Sunday, April 19, 2015

A Morning of Inspiration

When I went to bed last night, I was pondering how I haven't had a feeling of spiritual energy in a while. That is, I used to get all excited about some new conviction but as I let go of my ego involvement, I feel conviction less and less. I purposefully restrict ego reward activities and instead sit in silence. So the high points go away. I edge toward Truth which must be a non-ego event.

This morning, I couldn't focus on my watch and thought it was late so I leaped out of bed. Getting down stairs I realized it was an hour earlier than I thought. So I had plenty of time for spiritual study and meditation.

"Begrudgingly" was the word that came out of my first meditations. What I was feeling was sort of like this: new people come begrudgingly into AA and begrudgingly try to work the steps. What is received, even from a begrudging effort, is so fantastic. A whole new body, mind and spirit comes through this way of life; totally different from the drunks we come in as.

This brought me to my long term sobriety and how did it come about. The words that meditation brought into my mind were "Spiritual Sobriety." See, I have been a seeker after God for decades; but a majority of that time, at least until recently, was chasing after "Enlightenment." Today for the first time I realized that enlightenment, and my efforts to force God to give it, is spiritual drunken-ness. Not spiritual sobriety.

But recently, my efforts at life have been directed toward what the book Twelve Steps and Twelve Traditions calls "the satisfactions of right living" and "true humility." I've been actively attempting to stop living my life by self propulsion and running the show myself. I feel much more spiritually sober.

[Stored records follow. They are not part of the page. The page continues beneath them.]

(* The function $g_1(t)^2$ is increasing and bounded from above and hence converges to a positive constant as $t$ tends to infinity.
   Context: Consider complete Ricci-flat multiple warped product metrics $dt^2 + \sum_{i=1}^{r} g_i^2(t)\, h_i$ on $[0,\infty) \times M_1 \times \cdots \times M_r$ ($r \geq 2$), where $(M_i,h_i)$ are Einstein manifolds of dimension $d_i$ and Einstein constant $\lambda_i$, with $M_1 = S^1$ (so $d_1=1$, $\lambda_1=0$) and $M_2,\ldots,M_r$ closed Einstein manifolds with $\lambda_i>0$, $d_i>1$; $n=\sum_i d_i$. The circle collapses smoothly at $t=0$: $g_1(0)=0$, $\dot g_1(0)=1$, $g_i(0)\neq 0$, $\dot g_i(0)=0$ for $i>1$. With $\xi = -\dot u + \operatorname{tr} L$ (here $u$ constant), variables $X_i = \frac{\sqrt{d_i}}{\xi}\frac{\dot g_i}{g_i}$, $Y_i = \frac{\sqrt{d_i}}{\xi}\frac{1}{g_i}$ satisfy, in a new variable $s$, $X_i' = X_i(\sum_j X_j^2 - 1) + \frac{\lambda_i Y_i^2}{\sqrt{d_i}}$, $Y_i' = Y_i(\sum_j X_j^2 - \frac{X_i}{\sqrt{d_i}})$. The Ricci-flat metrics correspond to the $(r-2)$-parameter family of trajectories emanating (as $s\to-\infty$) from the critical point $X_1=Y_1=1$, $X_i=Y_i=0$ ($i>1$) and lying in the locus $\sum_i X_i^2 + \sum_{i\geq 2}\lambda_i Y_i^2 = 1$, $\sum_i \sqrt{d_i} X_i = 1$, with $X_i, Y_i > 0$; the metric is recovered via $dt = \exp\left(\int_{s^*}^{s} \sum_j X_j^2\right) ds$ and $g_i = \frac{\sqrt{d_i}}{Y_i}\exp\left(\int_{s^*}^{s}\sum_j X_j^2\right)$ for a fixed $s^*$, so that $\dot g_i g_i = \frac{\sqrt{d_i}}{\operatorname{tr} L}\frac{X_i}{Y_i^2}$. These trajectories are defined for all $s$, give complete metrics ($t\to\infty$ as $s\to\infty$), and converge as $s\to\infty$ to the point $E$ with $X_1=0$, $X_i=\frac{\sqrt{d_i}}{n-1}$, $Y_i=\sqrt{\frac{n-2}{\lambda_i}}X_i$ ($i\geq 2$). *)

From Stdlib Require Import Reals Lra.
From Coquelicot Require Import Coquelicot.
Open Scope R_scope.

Fixpoint sumR (k : nat) (f : nat -> R) : R :=
  match k with
  | O => 0
  | S k' => sumR k' f + f k'
  end.

(* Ricci-flatness of  dt^2 + sum_{i<r} g_i(t)^2 h_i  at time t, where
   (M_i,h_i) is Einstein of dimension d i with Ric(h_i) = lam i * h_i.
   Indices are 0-based: index 0 is the circle factor M_1 = S^1 of the paper.
   - (dt,dt) component:   Ric = - sum_i d_i g_i''/g_i
   - M_i components (per unit vector):
       Ric = - g_i''/g_i - (d_i - 1) (g_i'/g_i)^2
             - (g_i'/g_i) * sum_{j<>i} d_j g_j'/g_j + lam_i / g_i^2. *)
Definition ricci_flat_at (r : nat) (d : nat -> nat) (lam : nat -> R)
    (g g' g'' : nat -> R -> R) (t : R) : Prop :=
  sumR r (fun i => INR (d i) * g'' i t / g i t) = 0 /\
  forall i, (i < r)%nat ->
    - g'' i t / g i t
    - (INR (d i) - 1) * (g' i t / g i t) ^ 2
    - (g' i t / g i t) *
        sumR r (fun j => if Nat.eqb j i then 0 else INR (d j) * g' j t / g j t)
    + lam i / (g i t) ^ 2 = 0.

From Stdlib Require Import Reals Lra Lia Classical.
From Coquelicot Require Import Coquelicot.
Open Scope R_scope.

(* Index 0 is the circle.  Its Ricci equation [g_0'' = - g_0' sum_(j>0) d_j g_j'/g_j]
   makes [g_0'] times the volume density of the other factors constant, so
   [g_0' > 0] and [g_0] increases.  Every [g_i'] (i > 0) stays nonnegative, so the
   mean curvature [L = sum_j d_j g_j'/g_j] is positive, and Raychaudhuri's equation
   [L' = - sum_j d_j (g_j'/g_j)^2 <= - L^2/n] gives [L <= n/(t - 1)].  Then the
   equation of [g_1] yields [(g_1 g_1')' >= lam_1 - L g_1 g_1'], so [g_1] grows at
   least linearly; as [d_1 >= 2], the constant first integral bounds [g_0'] by
   [g_1(0)^2 / g_1(t)^2 = O(t^-2)], which is integrable, so [g_0] is bounded. *)

Lemma continuity_pt_is_derive (f : R -> R) (x l : R) :
  is_derive f x l -> continuity_pt f x.
Proof.
  intros Hf; apply derivable_continuous_pt; exists l; exact (proj1 (is_derive_Reals f x l) Hf).
Qed.

Lemma is_derive_exp_comp (f : R -> R) (t df : R) :
  is_derive f t df -> is_derive (fun s => exp (f s)) t (df * exp (f t)).
Proof. intros Hf; exact (is_derive_comp exp f t _ df (is_derive_exp (f t)) Hf). Qed.

Lemma is_derive_ln_comp (f : R -> R) (t df : R) :
  is_derive f t df -> 0 < f t -> is_derive (fun s => ln (f s)) t (df / f t).
Proof. intros Hf Hpos; exact (is_derive_comp ln f t _ df (is_derive_ln (f t) Hpos) Hf). Qed.

Lemma continuity_pt_pos_right (f : R -> R) (x : R) : continuity_pt f x ->
  (forall t, x < t -> 0 < f t) -> f x <> 0 -> 0 < f x.
Proof.
  intros Hc Hpos Hne.
  destruct (Rtotal_order 0 (f x)) as [Hlt|[Heq|Hneg]]; [exact Hlt|congruence|exfalso].
  destruct (Hc (- f x / 2)) as [delta [Hdelta Hnear]]; [lra|].
  specialize (Hnear (x + delta / 2)).
  assert (Hd : R_dist (f (x + delta / 2)) (f x) < - f x / 2).
  { apply Hnear; split; [split; [exact I|lra]|].
    unfold R_dist; simpl; unfold R_dist.
    replace (x + delta / 2 - x) with (delta / 2) by ring; rewrite Rabs_right; lra. }
  specialize (Hpos (x + delta / 2) ltac:(lra)).
  unfold R_dist in Hd; apply Rabs_def2 in Hd; lra.
Qed.

(* The mean value point may be an endpoint, where [df] carries no sign
   information; [df] is therefore replaced by [0] outside [(a, b)]. *)
Lemma is_derive_nonneg_le (f df : R -> R) (a b : R) : a <= b ->
  (forall x, a <= x <= b -> is_derive f x (df x)) ->
  (forall x, a < x < b -> 0 <= df x) -> f a <= f b.
Proof.
  intros Hab Hd Hs.
  set (df0 := fun x => if Rlt_dec a x then if Rlt_dec x b then df x else 0 else 0).
  assert (Hdf0 : forall x, 0 <= df0 x).
  { intros x; unfold df0.
    destruct (Rlt_dec a x); [destruct (Rlt_dec x b)|]; [apply Hs; lra|lra|lra]. }
  destruct (MVT_gen f a b df0) as [c [_ Hc]].
  - rewrite Rmin_left, Rmax_right by lra; intros x Hx; unfold df0.
    destruct (Rlt_dec a x); [|lra]; destruct (Rlt_dec x b); [|lra].
    apply Hd; lra.
  - rewrite Rmin_left, Rmax_right by lra; intros x Hx.
    exact (continuity_pt_is_derive _ _ _ (Hd x Hx)).
  - specialize (Hdf0 c); nra.
Qed.
(** On the sphere [|y - x| = Rr], the penalty alone exceeds everything else. *)
Lemma Phi_sphere (y : Rn n) : D y -> dist y x = Rr -> Phi x < Phi y.
Proof.
  intros [Hty _] HyR. pose proof r_pos; pose proof th_pos; pose proof al_le_K; pose proof al_pos.
  pose proof lam_ge_2.
  pose proof (lipschitz_on_fv f xb dL L0 y x HL (D_ball y (conj Hty (Req_le _ _ HyR))) (D_ball x D_x)) as Hf.
  pose proof (Rle_abs (- (fv f y - fv f x))). rewrite Rabs_Ropp, HyR in *.
  assert (Hpen : al * (Rr * Rr - r * r) <= pen y).
  { pose proof (t_sq_le y) as Hsq. rewrite HyR in Hsq. unfold pen. rewrite HyR.
    assert (al * (Rr * Rr - t y * t y) <= K * (Rr * Rr - t y * t y)) by (apply Rmult_le_compat_r; lra).
    assert (r * t y <= r * r) by (apply Rmult_le_compat_l; lra). nra. }
  assert (Hsplit : al * (Rr * Rr - r * r)
                   = lam * r * (L0 + 2 * s) + L0 * Rr + lam * r * th / 2 - th * r / 4).
  { rewrite Rmult_minus_distr_l, al_r_sq. unfold Rr, al.
    replace (lam * r * (L0 + 2 * s) + L0 * (lam * r) + lam * r * th / 2)
      with (lam * r * (lam * th) / 4) by (rewrite lam_th; unfold M; field).
    field. lra. }
  assert (s * t y <= s * r) by (apply Rmult_le_compat_l; lra).
  assert (0 <= (lam - 2) * (r * (L0 + 2 * s))) by (apply Rmult_le_pos; [|apply Rmult_le_pos]; lra).
  assert (0 <= (lam - 2) * (r * th)) by (apply Rmult_le_pos; [|apply Rmult_le_pos]; lra).
  assert (0 < th * r) by nra. assert (0 <= s * r) by nra.
  assert (lam * r * (L0 + 2 * s) >= 2 * (s * r)) by nra.
  assert (lam * r * th / 2 >= th * r) by nra.
  rewrite Phi_x. unfold Phi. lra.
Qed.

Lemma interior_minimizer :
  exists z, D z /\ t z < r /\ dist z x < Rr /\ forall y, D y -> Phi z <= Phi y.
Proof.
  destruct (min_attained D Phi x Rr (fv f x - M * Rr)) as [z [Hz Hmin]].
  - exists x. exact D_x.
  - intros y [_ Hy]. exact Hy.
  - exact Phi_bounded_below.
  - exact D_closed.
  - intros z Hz. exists (L0 + s + nrm n (grad z)). split; [pose proof (nrm_nonneg n (grad z)); lra|].
    intros y Hy. apply Phi_lower_lipschitz; assumption.
  - exists z. pose proof (Hmin x D_x) as Hzx. destruct Hz as [Htz Hdz].
    split; [split; assumption|]. split; [|split; [|exact Hmin]].
    + destruct Htz as [|Hface]; [assumption|]. pose proof (Phi_face z (conj (Req_le _ _ Hface) Hdz) Hface). lra.
    + destruct Hdz as [|Hsphere]; [assumption|]. pose proof (Phi_sphere z (conj Htz (Req_le _ _ Hsphere)) Hsphere). lra.
Qed.

(** At an interior minimiser [z], [s e - grad z] is a proximal subgradient of [f]
    whose component along [e] is at least [s]. *)
Lemma steep_pair_subgradient_oriented :
  exists y v, dist y x <= Rr /\ regular_subgradient f y v /\ s <= nv v.
Proof.
  destruct interior_minimizer as [z [Hz [Htz [Hdz Hmin]]]].
  set (v := mkRn n (fun i => s * e i + (-1) * grad z i)).
  assert (Hv : forall h, sumprod n (pt v) h = s * sumprod n e h + (-1) * sumprod n (grad z) h).
  { intros h. rewrite <- sp_linl. apply sp_ext. intros i Hi. unfold v. rewrite mkRn_coord by exact Hi. auto. }
  exists z, v. split; [lra|]. split.
  - pose proof al_pos; pose proof al_le_K.
    apply (proximal_regular_subgradient f z v (fv f z) (Rmin (r - t z) (Rr - dist z x)) (al + K)).
    + apply (lipschitz_on_some f xb dL L0 z HL), D_ball, Hz.
    + apply Rmin_pos; lra.
    + lra.
    + intros y fy Hy Hfy. pose proof (Rmin_l (r - t z) (Rr - dist z x)); pose proof (Rmin_r (r - t z) (Rr - dist z x)).
      assert (Hy' : D y).
      { split; [pose proof (t_lipschitz y z); lra|]. pose proof (dist_triangle y z x). lra. }
      rewrite (lipschitz_on_some f xb dL L0 y HL (D_ball y Hy')) in Hfy. injection Hfy as <-.
      specialize (Hmin y Hy'). destruct (pen_bounds y z) as [_ Hpen].
      unfold inner_diff. rewrite Hv, <- t_sub. unfold Phi in Hmin. lra.
  - (* [<v, e> = s - 2 al (t z - r) >= s] and [e] is a unit vector *)
    assert (Hve : sumprod n (pt v) e = s - 2 * al * (t z - r)).
    { rewrite Hv, e_unit. unfold grad. rewrite sp_linl, e_unit, (sp_sym n (diff z x) e). fold (t z). ring. }
    pose proof (Rle_abs (sumprod n (pt v) e)).
    pose proof (unit_pairing_le n e (pt v) e_unit). rewrite (sp_sym n e (pt v)) in H0.
    pose proof al_pos. assert (0 <= al * (r - t z)) by (apply Rmult_le_pos; lra).
    unfold nv. lra.
Qed.

End SteepPair.

Lemma steep_pair_subgradient {n} (f : Rn n -> option R) xb dL L0 s a :
  lipschitz_on f xb dL L0 -> 0 <= L0 -> 0 <= s -> s < a ->
  exists C, 1 <= C /\ forall rho (x x' : Rn n),
    C * rho < dL -> x <> x' -> dist x xb < rho -> dist x' xb < rho ->
    a * dist x x' < Rabs (fv f x - fv f x') ->
    exists y v, dist y xb <= C * rho /\ regular_subgradient f y v /\ s <= nv v.
Proof.
  intros HL HL0 Hs Hsa.
  set (lam := 8 * (L0 + s) / (a - s) + 2).
  assert (Hlam : 2 <= lam).
  { unfold lam. assert (0 <= 8 * (L0 + s) / (a - s)) by (apply Rdiv_nonneg; lra). lra. }
  exists (1 + 2 * lam). split; [lra|].
  intros rho x x' HC Hxx Hx Hx' Hgap.
  assert (Hr : dist x x' <= 2 * rho) by (pose proof (dist_triangle x xb x'); rewrite (dist_sym xb x') in H; lra).
  assert (Hlr : lam * dist x x' <= 2 * lam * rho) by nra.
  destruct (Rle_dec (fv f x) (fv f x')) as [Hle|Hgt].
  - rewrite Rabs_minus_sym, Rabs_pos_eq in Hgap by lra.
    destruct (steep_pair_subgradient_oriented n f xb x x' dL L0 s a HL HL0 Hs Hsa Hxx ltac:(lra) ltac:(fold lam; lra))
      as [y [v [Hy [Hreg Hv]]]].
    exists y, v. split; [|auto]. fold lam in Hy. pose proof (dist_triangle y x xb). lra.
  - rewrite Rabs_pos_eq in Hgap by lra. rewrite dist_sym in Hgap, Hlr.
    destruct (steep_pair_subgradient_oriented n f xb x' x dL L0 s a HL HL0 Hs Hsa (not_eq_sym Hxx) ltac:(lra) ltac:(fold lam; lra))
      as [y [v [Hy [Hreg Hv]]]].
    exists y, v. split; [|auto]. fold lam in Hy. pose proof (dist_triangle y x' xb). lra.
Qed.

(** Calmness quotients are Lipschitz quotients with [x' = xb], so [calm <= lip]. *)
Lemma calm_set_sub_lip_set {n} (f : Rn n -> option R) xb d q : calm_set f xb d q -> lip_set f xb d q.
Proof.
  intros [x [Hne [Hx ->]]]. exists x, xb. repeat split; auto.
  rewrite dist_self. pose proof (dist_nonneg x xb). lra.
Qed.

Lemma dq_nonneg (p q : option R) d : 0 < d -> ER_le (ERfin 0) (dq p q d).
Proof. intros Hd. destruct p, q; simpl; auto. apply Rdiv_nonneg; [apply Rabs_pos | exact Hd]. Qed.

(** When calm is eventually below a negative number, no point near [xb] but [xb]
    exists, so the Lipschitz quotients are vacuously bounded. *)
Lemma lip_below_of_calm_below_negative {n} (f : Rn n -> option R) xb b a :
  b < 0 -> eventually_below (calm_set f xb) b -> eventually_below (lip_set f xb) a.
Proof.
  intros Hb [d [Hd Hcalm]]. exists d. split; [exact Hd|].
  intros q [x [x' [Hxx [Hx [Hx' ->]]]]]. exfalso.
  assert (Hfar : exists y, y <> xb /\ dist y xb < d).
  { destruct (classic (x = xb)) as [->|Hne]; [exists x'; auto | exists x; auto]. }
  destruct Hfar as [y [Hy Hyd]].
  assert (Hq : calm_set f xb d (dq (f y) (f xb) (dist y xb))) by (exists y; auto).
  pose proof (ER_le_trans _ _ _ (dq_nonneg (f y) (f xb) (dist y xb) (dist_pos y xb Hy)) (Hcalm _ Hq)).
  simpl in H. lra.
Qed.

Lemma steep_pairs_of_not_lip_below {n} (f : Rn n -> option R) xb dL L0 a :
  lipschitz_on f xb dL L0 -> ~ eventually_below (lip_set f xb) a -> forall d, 0 < d <= dL ->
  exists x x', x <> x' /\ dist x xb < d /\ dist x' xb < d /\ a * dist x x' < Rabs (fv f x - fv f x').
Proof.
  intros HL Hnot d Hd. apply NNPP. intros Hnone. apply Hnot. exists d. split; [lra|].
  intros q [x [x' [Hxx [Hx [Hx' ->]]]]].
  rewrite (lipschitz_on_some f xb dL L0 x HL ltac:(lra)), (lipschitz_on_some f xb dL L0 x' HL ltac:(lra)).
  simpl. destruct (Rle_dec (Rabs (fv f x - fv f x') / dist x x') a) as [|Hq]; [assumption|].
  exfalso. apply Hnone. exists x, x'. split; [|split; [|split]]; auto.
  apply Rnot_le_lt in Hq. pose proof (dist_pos x x' Hxx).
  apply (Rmult_lt_compat_r (dist x x')) in Hq; [|assumption].
  unfold Rdiv in Hq. rewrite Rmult_assoc, Rinv_l in Hq by lra. lra.
Qed.

(** Otherwise steep pairs
    near [xb] give regular subgradients of norm [>= (a+b)/2] at points tending to [xb];
    a limit is a subgradient at [xb], hence regular, which contradicts [calm f(xb) < b]. *)
Lemma lip_below_of_calm_below {n} (f : Rn n -> option R) xb :
  finite_lipschitz_near f xb -> (forall v, subgradient f xb v -> regular_subgradient f xb v) ->
  forall b a, b < a -> eventually_below (calm_set f xb) b -> eventually_below (lip_set f xb) a.
Proof.
  intros Hnear Hreg b a Hba Hcalm.
  destruct (lipschitz_on_of_near f xb Hnear) as [dL [L0 [HdL [HL0 HL]]]].
  destruct (Rlt_dec b 0) as [Hb|Hb]; [exact (lip_below_of_calm_below_negative f xb b a Hb Hcalm)|].
  apply Rnot_lt_le in Hb.
  set (s := (a + b) / 2).
  destruct (steep_pair_subgradient f xb dL L0 s a HL HL0 ltac:(unfold s; lra) ltac:(unfold s; lra))
    as [C [HC Hsteep]].
  apply NNPP. intros Hnot.
  assert (Hsub : forall k, exists yv : Rn n * Rn n,
             dist (fst yv) xb <= dL / 2 * / (INR k + 1) /\
             regular_subgradient f (fst yv) (snd yv) /\ s <= nv (snd yv)).
  { intros k. pose proof (inv_succ_pos k); pose proof (inv_succ_le_1 k).
    set (rho := dL / (2 * C) * / (INR k + 1)).
    assert (HCrho : C * rho = dL / 2 * / (INR k + 1))
      by (unfold rho; pose proof (pos_INR k); field; split; lra).
    assert (Hrho : 0 < rho <= dL).
    { assert (0 < rho) by (apply Rmult_lt_0_compat; [apply Rdiv_lt_0_compat|]; lra).
      assert (rho <= C * rho) by nra. nra. }
    destruct (steep_pairs_of_not_lip_below f xb dL L0 a HL Hnot rho Hrho) as [x [x' [Hxx [Hx [Hx' Hq]]]]].
    destruct (Hsteep rho x x' ltac:(nra) Hxx Hx Hx' Hq) as [y [v Hyv]].
    exists (y, v). rewrite <- HCrho. exact Hyv. }
  destruct (choice _ Hsub) as [yv Hyv].
  destruct (limiting_subgradient f xb dL L0 (fun k => fst (yv k)) (fun k => snd (yv k)) s HL HL0)
    as [v [Hv Hvs]].
  - intros k. pose proof (inv_succ_pos k); pose proof (inv_succ_le_1 k).
    destruct (Hyv k) as [Hk _]. nra.
  - apply (cv0_of_le_inv_succ _ (dL / 2)). intros k. split; [apply dist_nonneg | apply Hyv].
  - intros k. apply Hyv.
  - intros k. apply Hyv.
  - pose proof (regular_subgradient_calm f xb dL L0 v b HL HdL (Hreg v Hv) Hb Hcalm).
    unfold s in Hvs. lra.
Qed.

Theorem mainTheorem2 (n : nat) (f : Rn n -> option R) (xb : Rn n)
  (Hlip : finite_lipschitz_near f xb)
  (Hreg : forall v, regular_subgradient f xb v <-> subgradient f xb v) :
  (exists c, is_calm f xb c) /\ (forall c, is_calm f xb c <-> is_lip f xb c).
Proof.
  destruct (limsup_exists (calm_set f xb)) as [c Hc].
  destruct (limsup_exists (lip_set f xb)) as [l Hl].
  assert (Hcl : c = l).
  { apply ER_le_antisym.
    - apply (limsup_monotone _ _ c l Hc Hl), calm_set_sub_lip_set.
    - apply (limsup_le_of_transfer _ _ c l Hc Hl).
      apply lip_below_of_calm_below; [exact Hlip|]. intros v. apply Hreg. }
  subst l. split; [exists c; exact Hc|].
  intros c'. split; intros Hc'.
  - rewrite (limsup_unique _ _ _ Hc' Hc). exact Hl.
  - rewrite (limsup_unique _ _ _ Hc' Hl). exact Hc.
Qed.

I was pondering the situation which happens with meditation; how we can keep our thoughts quiet only for very brief periods of time. Then two thoughts from the Big Book came into my mind. First the one about how some of us grasp AA as a drowning person grasps a life preserver. Second about the Sunlight of the Spirit. I thought of my life as a drowning person who occasionally has the strength to kick their head above water and grab a lungful of wonderful life giving air; and then sinking back down into the underwater struggle. Above the water is the Sunlight of the Spirit. The water is our resentments and ordinary ego world.

My spiritual life is like this. When I quiet my thoughts for even a few seconds, it is like sticking my head into the sunlight of the spirit. My begrudging part is that I don't sit in silence for hours a day. I spend about an hour in the morning and 10 minutes at night. Not much. But for even this paltry effort, I receive so much.